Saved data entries
+++
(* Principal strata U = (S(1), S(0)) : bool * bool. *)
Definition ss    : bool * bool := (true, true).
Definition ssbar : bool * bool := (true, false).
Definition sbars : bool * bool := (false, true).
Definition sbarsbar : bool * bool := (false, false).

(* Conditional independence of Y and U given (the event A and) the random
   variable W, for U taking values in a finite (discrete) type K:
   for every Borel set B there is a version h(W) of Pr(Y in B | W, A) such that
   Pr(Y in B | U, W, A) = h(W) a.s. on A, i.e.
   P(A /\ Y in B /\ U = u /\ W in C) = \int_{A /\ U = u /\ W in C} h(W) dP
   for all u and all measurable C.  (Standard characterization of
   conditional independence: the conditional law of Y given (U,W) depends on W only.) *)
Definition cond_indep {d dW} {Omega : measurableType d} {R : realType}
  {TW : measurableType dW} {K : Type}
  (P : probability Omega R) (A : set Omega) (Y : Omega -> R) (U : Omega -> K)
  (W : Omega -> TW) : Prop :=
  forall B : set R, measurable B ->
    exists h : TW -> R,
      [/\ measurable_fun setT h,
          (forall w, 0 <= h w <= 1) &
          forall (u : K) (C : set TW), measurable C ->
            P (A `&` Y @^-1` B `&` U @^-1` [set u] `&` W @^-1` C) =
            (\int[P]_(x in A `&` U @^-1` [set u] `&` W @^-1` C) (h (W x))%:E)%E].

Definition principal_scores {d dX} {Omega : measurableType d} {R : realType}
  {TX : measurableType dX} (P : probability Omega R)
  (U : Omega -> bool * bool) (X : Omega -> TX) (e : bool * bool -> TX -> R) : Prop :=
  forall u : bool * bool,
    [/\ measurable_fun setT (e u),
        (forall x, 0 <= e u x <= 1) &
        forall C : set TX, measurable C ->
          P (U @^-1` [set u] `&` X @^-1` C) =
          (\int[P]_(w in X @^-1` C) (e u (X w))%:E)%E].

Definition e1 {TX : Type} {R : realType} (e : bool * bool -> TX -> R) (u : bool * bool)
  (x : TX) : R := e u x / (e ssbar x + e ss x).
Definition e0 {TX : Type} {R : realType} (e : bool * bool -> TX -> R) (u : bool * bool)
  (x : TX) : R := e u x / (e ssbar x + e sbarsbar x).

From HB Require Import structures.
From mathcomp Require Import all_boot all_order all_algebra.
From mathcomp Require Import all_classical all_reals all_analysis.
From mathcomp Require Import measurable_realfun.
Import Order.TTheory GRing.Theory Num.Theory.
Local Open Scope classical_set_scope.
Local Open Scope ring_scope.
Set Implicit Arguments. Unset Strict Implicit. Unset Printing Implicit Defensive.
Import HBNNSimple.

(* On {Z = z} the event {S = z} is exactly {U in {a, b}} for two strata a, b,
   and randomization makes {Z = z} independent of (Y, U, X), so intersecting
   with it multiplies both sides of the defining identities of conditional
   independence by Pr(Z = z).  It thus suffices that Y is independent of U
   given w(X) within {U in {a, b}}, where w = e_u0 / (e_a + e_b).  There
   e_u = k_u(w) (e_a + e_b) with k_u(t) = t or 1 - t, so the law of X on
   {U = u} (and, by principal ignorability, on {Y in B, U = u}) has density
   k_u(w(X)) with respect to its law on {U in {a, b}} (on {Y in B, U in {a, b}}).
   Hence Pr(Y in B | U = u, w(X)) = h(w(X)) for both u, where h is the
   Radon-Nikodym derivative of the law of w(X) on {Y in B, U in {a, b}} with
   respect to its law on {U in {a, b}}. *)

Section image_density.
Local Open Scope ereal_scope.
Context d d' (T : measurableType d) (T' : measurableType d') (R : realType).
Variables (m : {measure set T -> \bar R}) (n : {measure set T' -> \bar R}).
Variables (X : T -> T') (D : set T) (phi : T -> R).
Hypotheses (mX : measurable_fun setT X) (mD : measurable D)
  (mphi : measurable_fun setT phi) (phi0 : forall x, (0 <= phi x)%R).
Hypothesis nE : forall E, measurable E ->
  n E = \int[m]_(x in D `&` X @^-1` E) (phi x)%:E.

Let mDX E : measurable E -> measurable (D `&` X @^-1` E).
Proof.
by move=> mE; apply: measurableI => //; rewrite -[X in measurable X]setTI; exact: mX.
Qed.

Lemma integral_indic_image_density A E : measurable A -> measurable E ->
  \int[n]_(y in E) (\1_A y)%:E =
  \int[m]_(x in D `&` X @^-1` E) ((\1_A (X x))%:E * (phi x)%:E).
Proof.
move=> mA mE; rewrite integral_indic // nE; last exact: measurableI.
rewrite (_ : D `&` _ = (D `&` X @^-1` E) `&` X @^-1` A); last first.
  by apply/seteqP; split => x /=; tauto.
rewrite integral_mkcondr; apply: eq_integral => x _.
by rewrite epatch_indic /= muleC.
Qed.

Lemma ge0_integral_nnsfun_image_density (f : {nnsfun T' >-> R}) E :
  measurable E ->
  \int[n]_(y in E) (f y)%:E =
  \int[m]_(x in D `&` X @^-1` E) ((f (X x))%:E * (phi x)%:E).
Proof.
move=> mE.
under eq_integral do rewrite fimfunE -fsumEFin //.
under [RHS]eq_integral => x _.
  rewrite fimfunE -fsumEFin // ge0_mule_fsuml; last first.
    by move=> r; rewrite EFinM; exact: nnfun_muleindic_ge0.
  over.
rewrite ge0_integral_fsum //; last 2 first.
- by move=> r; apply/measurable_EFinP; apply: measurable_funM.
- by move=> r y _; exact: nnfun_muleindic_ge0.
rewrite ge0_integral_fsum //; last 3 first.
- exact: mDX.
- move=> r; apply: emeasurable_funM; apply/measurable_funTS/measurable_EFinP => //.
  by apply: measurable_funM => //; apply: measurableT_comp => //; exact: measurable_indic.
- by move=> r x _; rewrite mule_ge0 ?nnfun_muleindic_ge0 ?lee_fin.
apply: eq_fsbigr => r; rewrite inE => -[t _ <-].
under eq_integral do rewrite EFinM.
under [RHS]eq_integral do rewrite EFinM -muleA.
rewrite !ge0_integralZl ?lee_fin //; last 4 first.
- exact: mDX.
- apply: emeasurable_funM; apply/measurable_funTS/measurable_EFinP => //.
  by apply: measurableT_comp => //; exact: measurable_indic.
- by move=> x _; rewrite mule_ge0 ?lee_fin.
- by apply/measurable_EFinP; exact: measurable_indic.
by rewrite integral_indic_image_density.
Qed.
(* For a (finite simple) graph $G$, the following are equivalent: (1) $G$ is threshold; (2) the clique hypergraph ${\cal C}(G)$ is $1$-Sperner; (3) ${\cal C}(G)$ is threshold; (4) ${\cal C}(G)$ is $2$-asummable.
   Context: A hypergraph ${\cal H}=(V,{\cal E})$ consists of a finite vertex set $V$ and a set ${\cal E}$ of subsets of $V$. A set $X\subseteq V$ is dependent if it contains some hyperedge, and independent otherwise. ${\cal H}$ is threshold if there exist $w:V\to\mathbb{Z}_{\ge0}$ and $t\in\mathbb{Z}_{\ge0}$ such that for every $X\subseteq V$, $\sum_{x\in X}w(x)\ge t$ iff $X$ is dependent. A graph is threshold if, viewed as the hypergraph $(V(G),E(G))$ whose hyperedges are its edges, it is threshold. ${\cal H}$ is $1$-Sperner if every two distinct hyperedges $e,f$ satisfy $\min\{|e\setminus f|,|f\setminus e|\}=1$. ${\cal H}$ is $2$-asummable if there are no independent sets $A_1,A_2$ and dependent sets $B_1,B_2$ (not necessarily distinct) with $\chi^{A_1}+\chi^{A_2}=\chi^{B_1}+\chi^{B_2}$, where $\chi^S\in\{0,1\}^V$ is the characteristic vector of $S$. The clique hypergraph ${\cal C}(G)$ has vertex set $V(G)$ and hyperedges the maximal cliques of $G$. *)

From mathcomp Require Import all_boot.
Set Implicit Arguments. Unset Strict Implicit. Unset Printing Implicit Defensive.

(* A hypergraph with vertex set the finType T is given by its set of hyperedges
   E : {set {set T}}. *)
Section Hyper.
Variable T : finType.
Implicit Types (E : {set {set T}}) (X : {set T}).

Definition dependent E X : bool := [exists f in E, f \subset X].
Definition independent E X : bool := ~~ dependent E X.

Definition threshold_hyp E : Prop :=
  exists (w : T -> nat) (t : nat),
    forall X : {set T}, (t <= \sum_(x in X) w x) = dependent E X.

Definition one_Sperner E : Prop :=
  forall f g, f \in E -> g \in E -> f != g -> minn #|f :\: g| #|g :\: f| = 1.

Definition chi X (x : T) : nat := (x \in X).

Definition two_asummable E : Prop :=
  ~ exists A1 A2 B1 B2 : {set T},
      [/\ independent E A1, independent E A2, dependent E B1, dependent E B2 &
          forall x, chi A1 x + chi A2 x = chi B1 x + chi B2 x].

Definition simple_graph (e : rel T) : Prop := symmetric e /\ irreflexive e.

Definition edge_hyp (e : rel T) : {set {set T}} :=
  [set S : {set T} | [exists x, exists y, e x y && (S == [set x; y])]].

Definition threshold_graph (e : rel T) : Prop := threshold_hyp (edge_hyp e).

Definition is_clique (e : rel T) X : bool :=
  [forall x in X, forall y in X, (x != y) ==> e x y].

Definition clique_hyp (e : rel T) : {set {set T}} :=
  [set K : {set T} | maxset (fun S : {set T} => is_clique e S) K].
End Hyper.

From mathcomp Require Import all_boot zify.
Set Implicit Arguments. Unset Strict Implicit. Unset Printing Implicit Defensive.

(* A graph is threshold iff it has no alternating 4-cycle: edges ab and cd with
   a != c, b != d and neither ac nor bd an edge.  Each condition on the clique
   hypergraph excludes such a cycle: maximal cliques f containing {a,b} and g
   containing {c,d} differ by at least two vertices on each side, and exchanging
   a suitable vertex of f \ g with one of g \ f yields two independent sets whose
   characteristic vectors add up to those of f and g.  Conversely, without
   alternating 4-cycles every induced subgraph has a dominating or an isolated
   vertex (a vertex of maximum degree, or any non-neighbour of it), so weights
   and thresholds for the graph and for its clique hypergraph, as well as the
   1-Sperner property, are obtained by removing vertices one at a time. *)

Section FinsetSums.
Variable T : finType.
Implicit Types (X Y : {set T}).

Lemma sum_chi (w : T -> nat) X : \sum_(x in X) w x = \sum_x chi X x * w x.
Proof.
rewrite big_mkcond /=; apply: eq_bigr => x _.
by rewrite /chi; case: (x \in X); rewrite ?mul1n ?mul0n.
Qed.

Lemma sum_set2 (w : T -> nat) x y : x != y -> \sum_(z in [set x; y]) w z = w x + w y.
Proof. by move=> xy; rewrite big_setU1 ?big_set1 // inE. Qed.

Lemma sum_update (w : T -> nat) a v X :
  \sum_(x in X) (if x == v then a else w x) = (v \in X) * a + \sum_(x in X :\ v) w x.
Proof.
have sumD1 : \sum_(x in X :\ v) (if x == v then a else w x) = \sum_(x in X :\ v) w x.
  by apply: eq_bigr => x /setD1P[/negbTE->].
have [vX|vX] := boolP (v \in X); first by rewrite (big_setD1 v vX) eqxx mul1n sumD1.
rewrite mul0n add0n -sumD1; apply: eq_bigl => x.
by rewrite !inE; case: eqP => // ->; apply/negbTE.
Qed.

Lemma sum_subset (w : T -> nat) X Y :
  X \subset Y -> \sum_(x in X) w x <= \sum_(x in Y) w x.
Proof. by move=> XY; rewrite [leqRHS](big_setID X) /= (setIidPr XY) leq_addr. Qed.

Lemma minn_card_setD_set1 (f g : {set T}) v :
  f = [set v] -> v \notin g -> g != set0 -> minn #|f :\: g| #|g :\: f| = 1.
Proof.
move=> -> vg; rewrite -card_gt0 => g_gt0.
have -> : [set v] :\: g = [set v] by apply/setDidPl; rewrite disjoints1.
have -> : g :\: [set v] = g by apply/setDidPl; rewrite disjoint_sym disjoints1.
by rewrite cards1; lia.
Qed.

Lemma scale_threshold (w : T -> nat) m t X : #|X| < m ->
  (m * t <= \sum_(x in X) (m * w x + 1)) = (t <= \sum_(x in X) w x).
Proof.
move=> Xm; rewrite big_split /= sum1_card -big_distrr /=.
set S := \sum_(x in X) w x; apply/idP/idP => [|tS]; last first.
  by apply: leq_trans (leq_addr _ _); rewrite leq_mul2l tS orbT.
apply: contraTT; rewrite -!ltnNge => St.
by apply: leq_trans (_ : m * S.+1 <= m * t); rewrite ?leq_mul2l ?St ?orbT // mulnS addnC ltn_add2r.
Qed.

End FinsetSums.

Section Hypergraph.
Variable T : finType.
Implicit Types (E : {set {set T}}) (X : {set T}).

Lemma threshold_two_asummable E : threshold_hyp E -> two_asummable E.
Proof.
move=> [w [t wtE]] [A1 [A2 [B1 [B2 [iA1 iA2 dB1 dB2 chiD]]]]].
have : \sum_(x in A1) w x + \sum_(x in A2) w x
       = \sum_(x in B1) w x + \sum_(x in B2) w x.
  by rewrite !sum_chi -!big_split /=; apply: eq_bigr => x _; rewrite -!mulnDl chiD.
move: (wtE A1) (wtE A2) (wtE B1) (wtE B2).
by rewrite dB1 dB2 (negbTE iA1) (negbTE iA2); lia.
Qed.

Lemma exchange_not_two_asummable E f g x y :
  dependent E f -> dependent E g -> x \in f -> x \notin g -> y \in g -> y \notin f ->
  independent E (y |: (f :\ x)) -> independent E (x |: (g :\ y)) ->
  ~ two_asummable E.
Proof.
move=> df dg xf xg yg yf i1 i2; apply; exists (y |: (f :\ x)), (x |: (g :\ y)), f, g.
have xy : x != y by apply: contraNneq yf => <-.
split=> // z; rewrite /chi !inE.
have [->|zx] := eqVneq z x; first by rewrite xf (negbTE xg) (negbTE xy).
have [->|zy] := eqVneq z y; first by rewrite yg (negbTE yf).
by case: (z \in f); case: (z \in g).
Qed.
+++
● **Your objective**: Print, exactly as they appear above, the lines running from the one with "move: (wtE A1) (wtE A2) (wtE B1) (wtE B2)." through the final line.

● **Task answer**:
move: (wtE A1) (wtE A2) (wtE B1) (wtE B2).
by rewrite dB1 dB2 (negbTE iA1) (negbTE iA2); lia.
Qed.

Lemma exchange_not_two_asummable E f g x y :
  dependent E f -> dependent E g -> x \in f -> x \notin g -> y \in g -> y \notin f ->
  independent E (y |: (f :\ x)) -> independent E (x |: (g :\ y)) ->
  ~ two_asummable E.
Proof.
move=> df dg xf xg yg yf i1 i2; apply; exists (y |: (f :\ x)), (x |: (g :\ y)), f, g.
have xy : x != y by apply: contraNneq yf => <-.
split=> // z; rewrite /chi !inE.
have [->|zx] := eqVneq z x; first by rewrite xf (negbTE xg) (negbTE xy).
have [->|zy] := eqVneq z y; first by rewrite yg (negbTE yf).
by case: (z \in f); case: (z \in g).
Qed.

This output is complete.